(* Let $0\leq A<B$ be integers. There exist integers $L\geq 2$ and $a_j,b_j$ for $2\leq j\leq L$ such that \[ A=a_2\leq\cdots\leq a_L=b_L\leq\cdots\leq b_2=B, \] with $\varepsilon_i(a_j)=\varepsilon_i(b_j)=0$ for $2\leq i<j\leq L$, and $a_{j+1}-a_j\in\{0,F_{j-1}\}$ and $b_j-b_{j+1}\in\{0,F_j\}$ for $2\leq j<L$.
   Context: Let $F_0=0$, $F_1=1$, $F_k=F_{k-1}+F_{k-2}$ be the Fibonacci numbers. Every positive integer $n$ has a unique (Zeckendorf) representation $n=\sum_{i\geq 2}\varepsilon_i(n)F_i$ with $\varepsilon_i(n)\in\{0,1\}$ and $\varepsilon_i(n)=1\Rightarrow\varepsilon_{i+1}(n)=0$; for $n=0$ all $\varepsilon_i(0)=0$. *)

From mathcomp Require Import all_boot.
Set Implicit Arguments. Unset Strict Implicit. Unset Printing Implicit Defensive.

Fixpoint fib (k : nat) : nat :=
  match k with
  | 0 => 0
  | 1 => 1
  | (k'.+1 as k1).+1 => fib k1 + fib k'
  end.

Definition zeck_valid (S : seq nat) : Prop :=
  uniq S /\ (forall i, i \in S -> 2 <= i) /\ (forall i, i \in S -> i.+1 \notin S).

(* eps_i(n) = 1 : i belongs to the (unique) Zeckendorf representation of n,
   i.e. n = \sum_{i in S} F_i with S a Zeckendorf index set.  For n = 0 the
   representation is empty, so all digits vanish. *)
Definition zeck_digit (i n : nat) : Prop :=
  exists S : seq nat, zeck_valid S /\ \sum_(k <- S) fib k = n /\ i \in S.

From mathcomp Require Import all_boot zify.
Set Implicit Arguments. Unset Strict Implicit. Unset Printing Implicit Defensive.

(* Say n is j-admissible ([zeck_ge j n]) when its Zeckendorf representation
   only uses indices >= j; by uniqueness of the representation this means
   eps_i(n) = 0 for i < j.  Two distinct j-admissible numbers differ by at least
   F_(j-1): comparing the top indices of the representations, a Zeckendorf sum
   over indices in [k, m) is at most F_m - F_(k-1).  To pass from level j to
   j+1, a j-admissible a_j either is already (j+1)-admissible or contains F_j,
   and then adding F_(j-1) turns F_j into F_(j+1), carrying upwards; dually b_j
   either stays or drops its digit F_j.  The gap property keeps a <= b along the
   way and forces a_j = b_j as soon as F_(j-1) > B. *)

Lemma fibSS n : fib n.+2 = fib n.+1 + fib n. Proof. by []. Qed.

Lemma fib_gt0 n : 0 < n -> 0 < fib n.
Proof. by case: n => // n _; elim: n => // n IH; rewrite fibSS addn_gt0 IH. Qed.

Lemma fib_leqS n : fib n <= fib n.+1.
Proof. by case: n => // n; rewrite fibSS leq_addr. Qed.

Lemma leq_pred_fib n : n.-1 <= fib n.
Proof.
case: n => //= n; elim: n => // -[|n] IH //.
by have := @fib_gt0 n.+1 isT; rewrite fibSS; lia.
Qed.

Definition fibsum (S : seq nat) : nat := \sum_(i <- S) fib i.

Lemma fibsum_rem S m :
  uniq S -> m \in S -> fibsum S = fib m + fibsum [seq i <- S | i != m].
Proof. by move=> uS mS; rewrite /fibsum big_filter (bigD1_seq m). Qed.

Lemma fibsum_eq_mem S T : uniq S -> uniq T -> S =i T -> fibsum S = fibsum T.
Proof. by move=> uS uT eqST; apply/perm_big/uniq_perm. Qed.

Lemma fib_leq_fibsum S m : uniq S -> m \in S -> fib m <= fibsum S.
Proof. by move=> uS mS; rewrite (fibsum_rem uS mS) leq_addr. Qed.

Lemma mem_fibsum_lt S m : uniq S -> m \in S -> m < (fibsum S).+2.
Proof.
by move=> uS mS; have := fib_leq_fibsum uS mS; have := leq_pred_fib m; lia.
Qed.

Lemma zeck_valid_filter S m : zeck_valid S -> zeck_valid [seq i <- S | i != m].
Proof.
move=> [uS [ge2 noS]]; split; first exact: filter_uniq.
split=> i; rewrite mem_filter => /andP [_ iS]; first exact: ge2.
by rewrite mem_filter negb_and noS ?orbT.
Qed.

Lemma zeck_valid_cons m S :
  2 <= m -> zeck_valid S -> {in S, forall i, m.+2 <= i} -> zeck_valid (m :: S).
Proof.
move=> m2 [uS [ge2 noS]] geS.
have notinS k : k <= m.+1 -> k \notin S by move=> le_km; apply/negP => /geS; lia.
split; first by rewrite /= uS notinS.
split=> i; rewrite in_cons ?in_cons ?negb_or => /orP [/eqP -> | iS] //; first exact: ge2.
  by rewrite notinS // andbT; apply/eqP; lia.
by rewrite noS // andbT; have := geS i iS; apply/contraTN => /eqP; lia.
Qed.

Lemma range_nil (X : seq nat) k m : {in X, forall i, k <= i < m} -> m <= k -> X = [::].
Proof. by case: X => // x X rX le_mk; have := rX x (mem_head x X); lia. Qed.

Lemma range_notin (X : seq nat) k m :
  {in X, forall i, k <= i < m.+1} -> m \notin X -> {in X, forall i, k <= i < m}.
Proof.
move=> rX mX i iX; have ne_im : i != m by apply: contraNneq mX => <-.
by have := rX i iX; lia.
Qed.

Lemma range_filter (X : seq nat) k m :
  {in X, forall i, k <= i < m.+1} -> {in [seq i <- X | i != m], forall i, k <= i < m}.
Proof. by move=> rX i; rewrite mem_filter => /andP [/eqP ne_im /rX]; lia. Qed.

Lemma fibsum_bound k m (X : seq nat) : zeck_valid X -> {in X, forall i, k <= i < m} ->
  k <= m.+1 -> fibsum X + fib k.-1 <= fib m.
Proof.
elim/ltn_ind: m X => -[|m] IH X vX rX le_km.
  by rewrite (range_nil rX (leq0n k)) /fibsum big_nil (_ : k.-1 = 0) //; lia.
case: (boolP (m \in X)) => mX; last first.
  case: (leqP k m.+1) => [le_k_m | lt_m_k]; last first.
    by rewrite (range_nil rX (ltnW lt_m_k)) /fibsum big_nil (_ : k.-1 = m.+1) //; lia.
  by have := IH m (ltnSn m) X vX (range_notin rX mX) le_k_m; have := fib_leqS m; lia.
have [uX [ge2 noS]] := vX.
have rX' : {in [seq i <- X | i != m], forall i, k <= i < m.-1}.
  move=> i iX'; have := range_filter rX iX'; move: iX'; rewrite mem_filter => /andP [_ iX].
  have : i.+1 != m by apply: contraNneq (noS i iX) => ->.
  lia.
have := IH m.-1 _ _ (zeck_valid_filter m vX) rX'.
have := rX m mX; have := ge2 m mX; rewrite (fibsum_rem uX mX).
case: m {IH rX le_km mX rX'} => // m; rewrite fibSS /=; lia.
Qed.

Lemma fibsum_le_cases k m (X Y : seq nat) : 2 <= k -> zeck_valid X -> zeck_valid Y ->
  {in X, forall i, k <= i < m} -> {in Y, forall i, k <= i < m} ->
  fibsum X <= fibsum Y -> X =i Y \/ fibsum X + fib k.-1 <= fibsum Y.
Proof.
move=> k2; elim: m X Y => [|m IH] X Y vX vY rX rY le_XY.
  by rewrite (range_nil rX (leq0n k)) (range_nil rY (leq0n k)); left.
have [[uX _] [uY _]] := (vX, vY).
case: (boolP (m \in X)) => mX; case: (boolP (m \in Y)) => mY.
- move: le_XY; rewrite (fibsum_rem uX mX) (fibsum_rem uY mY) leq_add2l => le_XY'.
  case: (IH _ _ (zeck_valid_filter m vX) (zeck_valid_filter m vY)
          (range_filter rX) (range_filter rY) le_XY') => [eqXY | ?]; last by right; lia.
  left=> i; have := eqXY i; rewrite !mem_filter.
  by case: (eqVneq i m) => [-> | _] //=; rewrite mX mY.
- have fib_pos : 0 < fib k.-1 by apply: fib_gt0; lia.
  have := rX m mX; have := fib_leq_fibsum uX mX.
  by have := fibsum_bound vY (range_notin rY mY); lia.
- right; have := rY m mY; have := fib_leq_fibsum uY mY.
  have := fibsum_bound vX (range_notin rX mX); lia.
- exact: IH _ _ vX vY (range_notin rX mX) (range_notin rY mY) le_XY.
Qed.

Definition zeck_ge (j n : nat) : Prop :=
  exists S, [/\ zeck_valid S, fibsum S = n & {in S, forall i, j <= i}].

Lemma zeck_ge_gap k x y : 2 <= k -> zeck_ge k x -> zeck_ge k y -> x < y -> x + fib k.-1 <= y.
Proof.
move=> k2 [X [vX <- geX]] [Y [vY <- geY]] lt_XY.
have [[uX _] [uY _]] := (vX, vY).
have rX : {in X, forall i, k <= i < (fibsum Y).+2}.
  by move=> i iX; rewrite geX //=; have := mem_fibsum_lt uX iX; lia.
have rY : {in Y, forall i, k <= i < (fibsum Y).+2}.
  by move=> i iY; rewrite geY // mem_fibsum_lt.
case: (fibsum_le_cases k2 vX vY rX rY (ltnW lt_XY)) => // eqXY.
by move: lt_XY; rewrite (fibsum_eq_mem uX uY eqXY) ltnn.
Qed.

Lemma zeck_ge_no_digit i j n : i < j -> zeck_ge j n -> ~ zeck_digit i n.
Proof.
move=> lt_ij [S [vS eS geS]] [T [vT [eT iT]]]; rewrite -/(fibsum T) in eT.
have [[uS [ge2S _]] [uT [ge2T _]]] := (vS, vT).
have rS : {in S, forall l, 2 <= l < n.+2}.
  by move=> l lS; rewrite ge2S // -eS mem_fibsum_lt.
have rT : {in T, forall l, 2 <= l < n.+2}.
  by move=> l lT; rewrite ge2T // -eT mem_fibsum_lt.
have le_ST : fibsum S <= fibsum T by rewrite eS eT.
case: (fibsum_le_cases (leqnn 2) vS vT rS rT le_ST) => [eqST | ]; last by rewrite eS eT /=; lia.
by have := geS i; rewrite eqST => /(_ iT); lia.
Qed.

Lemma zeck_ge_le j k n : j <= k -> zeck_ge k n -> zeck_ge j n.
Proof. by move=> le_jk [S [vS eS geS]]; exists S; split=> // i /geS; apply: leq_trans. Qed.

Lemma zeck_ge_split j x :
  zeck_ge j x -> zeck_ge j.+1 x \/ exists2 u, x = fib j + u & zeck_ge j.+2 u.
Proof.
move=> [S [vS eS geS]]; have [uS [_ noS]] := vS.
case: (boolP (j \in S)) => jS; last first.
  left; exists S; split=> // i iS; have := geS i iS.
  have : i != j by apply: contraNneq jS => <-.
  lia.
right; exists (fibsum [seq i <- S | i != j]); first by rewrite -eS (fibsum_rem uS jS).
exists [seq i <- S | i != j]; split=> //; first exact: zeck_valid_filter.
move=> i; rewrite mem_filter => /andP [ne_ij iS]; have := geS i iS.
have : i != j.+1 by apply: contraNneq (noS j jS) => <-.
lia.
Qed.

Lemma zeck_ge_cons m x : 2 <= m -> zeck_ge m.+2 x -> zeck_ge m (fib m + x).
Proof.
move=> m2 [S [vS eS geS]]; exists (m :: S); split.
- exact: zeck_valid_cons.
- by rewrite /fibsum big_cons -/(fibsum S) eS.
- by move=> i; rewrite in_cons => /orP [/eqP -> // | /geS]; lia.
Qed.

Lemma zeck_ge_carry m x : 2 <= m -> zeck_ge m.+1 x -> zeck_ge m (fib m + x).
Proof.
elim/ltn_ind: x m => x IH m m2 hx.
case: (zeck_ge_split hx) => [hx2 | [u ex hu]]; first exact: zeck_ge_cons.
have lt_ux : u < x by rewrite ex -addn1 addnC leq_add2r fib_gt0.
apply: (zeck_ge_le (leqW (leqnSn m))).
by rewrite ex addnA (addnC (fib m)) -fibSS; apply: IH => //; apply: leqW (leqW m2).
Qed.

Lemma zeck_ge2 n : zeck_ge 2 n.
Proof.
elim: n => [|n IH]; first by exists [::]; split; rewrite // /fibsum big_nil.
case: (zeck_ge_split IH) => [h3 | [u -> hu]]; first exact: (zeck_ge_carry (leqnn 2) h3).
exact: (zeck_ge_le (leqnSn 2) (zeck_ge_carry (leqnSn 2) hu)).
Qed.

Lemma zeck_ge_step j x y : 2 <= j -> x < y -> zeck_ge j x -> zeck_ge j y ->
  exists x' y', [/\ zeck_ge j.+1 x', zeck_ge j.+1 y', x' <= y',
    x' = x \/ x' = x + fib j.-1 & y = y' \/ y = y' + fib j].
Proof.
move=> j2 lt_xy hx hy.
have fibSj : fib j.+1 = fib j + fib j.-1 by case: j j2 {hx hy}.
have carry u : zeck_ge j.+2 u -> zeck_ge j.+1 (fib j + u + fib j.-1).
  by move=> hu; rewrite -addnA (addnC u) addnA -fibSj; apply: zeck_ge_carry (leqW j2) hu.
case: (zeck_ge_split hx) => [hx1 | [u ex hu]];
  case: (zeck_ge_split hy) => [hy1 | [v ey hv]].
- by exists x, y; split; [| | apply: ltnW | left | left].
- exists x, v; split; [done | exact: zeck_ge_le hv | | by left | by right; rewrite ey addnC].
  rewrite leqNgt; apply/negP => lt_vx.
  by have := zeck_ge_gap (leqW j2) (zeck_ge_le (leqnSn _) hv) hx1 lt_vx; rewrite succnK; lia.
- exists (x + fib j.-1), y; split; [by rewrite ex; apply: carry | done | | by right | by left].
  exact: zeck_ge_gap j2 hx hy lt_xy.
- exists (x + fib j.-1), v; split; [by rewrite ex; apply: carry | exact: zeck_ge_le hv | |
    by right | by right; rewrite ey addnC].
  have lt_uv : u < v by lia.
  by have := zeck_ge_gap (leqW (leqW j2)) hu hv lt_uv; rewrite succnK; lia.
Qed.

Definition zeck_ladder (j L : nat) (a b : nat -> nat) : Prop :=
  [/\ j <= L, a L = b L,
      forall k, j <= k <= L -> zeck_ge k (a k) /\ zeck_ge k (b k),
      forall k, j <= k < L -> a k.+1 = a k \/ a k.+1 = a k + fib k.-1
    & forall k, j <= k < L -> b k = b k.+1 \/ b k = b k.+1 + fib k].

Lemma zeck_ladder_refl j x : zeck_ge j x -> zeck_ladder j j (fun=> x) (fun=> x).
Proof.
move=> hx; split=> // k range_k; try lia.
by have -> : k = j by lia.
Qed.

Lemma zeck_ladder_cons j L a b x y :
  zeck_ladder j.+1 L a b -> zeck_ge j x -> zeck_ge j y ->
  a j.+1 = x \/ a j.+1 = x + fib j.-1 -> y = b j.+1 \/ y = b j.+1 + fib j ->
  zeck_ladder j L (fun k => if k == j then x else a k) (fun k => if k == j then y else b k).
Proof.
move=> [lt_jL eq_ab zab sa sb] hx hy sx sy.
have ne_Sj k : j <= k -> (k.+1 == j) = false by move=> le_jk; apply/eqP; lia.
split=> [| | k /andP [le_jk le_kL] | k /andP [le_jk lt_kL] | k /andP [le_jk lt_kL]].
- exact: ltnW.
- by have -> : (L == j) = false by apply/eqP; lia.
- by case: eqVneq => [-> // | ne_kj]; apply: zab; lia.
- by rewrite ne_Sj //; case: eqVneq => [-> // | ne_kj]; apply: sa; lia.
- by rewrite ne_Sj //; case: eqVneq => [-> // | ne_kj]; apply: sb; lia.
Qed.

Lemma zeck_ladder_exists j x y : 2 <= j -> x <= y -> zeck_ge j x -> zeck_ge j y ->
  exists L a b, [/\ zeck_ladder j L a b, a j = x & b j = y].
Proof.
(* [t] bounds the number of levels left: distinct [j]-admissible [x < y] force
   [j - 2 <= F_(j-1) <= y]. *)
have [t] : exists t, y + 3 <= j + t by exists (y + 3); apply: leq_addl.
elim: t j x y => [|t IH] j x y le_y_jt j2 le_xy hx hy.
all: have [lt_xy | eq_xy] : x < y \/ x = y by lia.
2,4: by rewrite -eq_xy; exists j, (fun=> x), (fun=> x); split=> //; apply: zeck_ladder_refl.
  by have := zeck_ge_gap j2 hx hy lt_xy; have := leq_pred_fib j.-1; lia.
have [x' [y' [hx' hy' le_xy' sx sy]]] := zeck_ge_step j2 lt_xy hx hy.
have [|L [a [b [lad ax' by']]]] := IH j.+1 x' y' _ (leqW j2) le_xy' hx' hy'; first by lia.
exists L, (fun k => if k == j then x else a k), (fun k => if k == j then y else b k).
by rewrite eqxx; split=> //; apply: zeck_ladder_cons; rewrite ?ax' ?by'.
Qed.

Theorem lemma5 (A B : nat) (hAB : A < B) :
  exists (L : nat) (a b : nat -> nat),
    2 <= L /\
    a 2 = A /\ b 2 = B /\ a L = b L /\
    (forall j, 2 <= j < L -> a j <= a j.+1) /\
    (forall j, 2 <= j < L -> b j.+1 <= b j) /\
    (forall i j, 2 <= i -> i < j -> j <= L ->
        ~ zeck_digit i (a j) /\ ~ zeck_digit i (b j)) /\
    (forall j, 2 <= j < L ->
        (a j.+1 - a j = 0 \/ a j.+1 - a j = fib j.-1) /\
        (b j - b j.+1 = 0 \/ b j - b j.+1 = fib j)).
Proof.
have [L [a [b [[le2L eq_ab zab sa sb] a2 b2]]]] :=
  zeck_ladder_exists (leqnn 2) (ltnW hAB) (zeck_ge2 A) (zeck_ge2 B).
exists L, a, b; do 4 (split; first done).
split; first by move=> j /sa; lia.
split; first by move=> j /sb; lia.
split=> [i j i2 lt_ij le_jL | j j_range].
  have /zab [za zb] : 2 <= j <= L by lia.
  by split; apply: zeck_ge_no_digit lt_ij _.
by have := sa j j_range; have := sb j j_range; lia.
Qed.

=======

What this task involves>
Take from the material above the lines running from the one with "move=> m2 [S" through the one with "Lemma zeck_ge_step j", and repeat them exactly, with nothing else.

Answer to this problem>
move=> m2 [S [vS eS geS]]; exists (m :: S); split.
- exact: zeck_valid_cons.
- by rewrite /fibsum big_cons -/(fibsum S) eS.
- by move=> i; rewrite in_cons => /orP [/eqP -> // | /geS]; lia.
Qed.

Lemma zeck_ge_carry m x : 2 <= m -> zeck_ge m.+1 x -> zeck_ge m (fib m + x).
Proof.
elim/ltn_ind: x m => x IH m m2 hx.
case: (zeck_ge_split hx) => [hx2 | [u ex hu]]; first exact: zeck_ge_cons.
have lt_ux : u < x by rewrite ex -addn1 addnC leq_add2r fib_gt0.
apply: (zeck_ge_le (leqW (leqnSn m))).
by rewrite ex addnA (addnC (fib m)) -fibSS; apply: IH => //; apply: leqW (leqW m2).
Qed.

Lemma zeck_ge2 n : zeck_ge 2 n.
Proof.
elim: n => [|n IH]; first by exists [::]; split; rewrite // /fibsum big_nil.
case: (zeck_ge_split IH) => [h3 | [u -> hu]]; first exact: (zeck_ge_carry (leqnn 2) h3).
exact: (zeck_ge_le (leqnSn 2) (zeck_ge_carry (leqnSn 2) hu)).
Qed.

Lemma zeck_ge_step j x y : 2 <= j -> x < y -> zeck_ge j x -> zeck_ge j y ->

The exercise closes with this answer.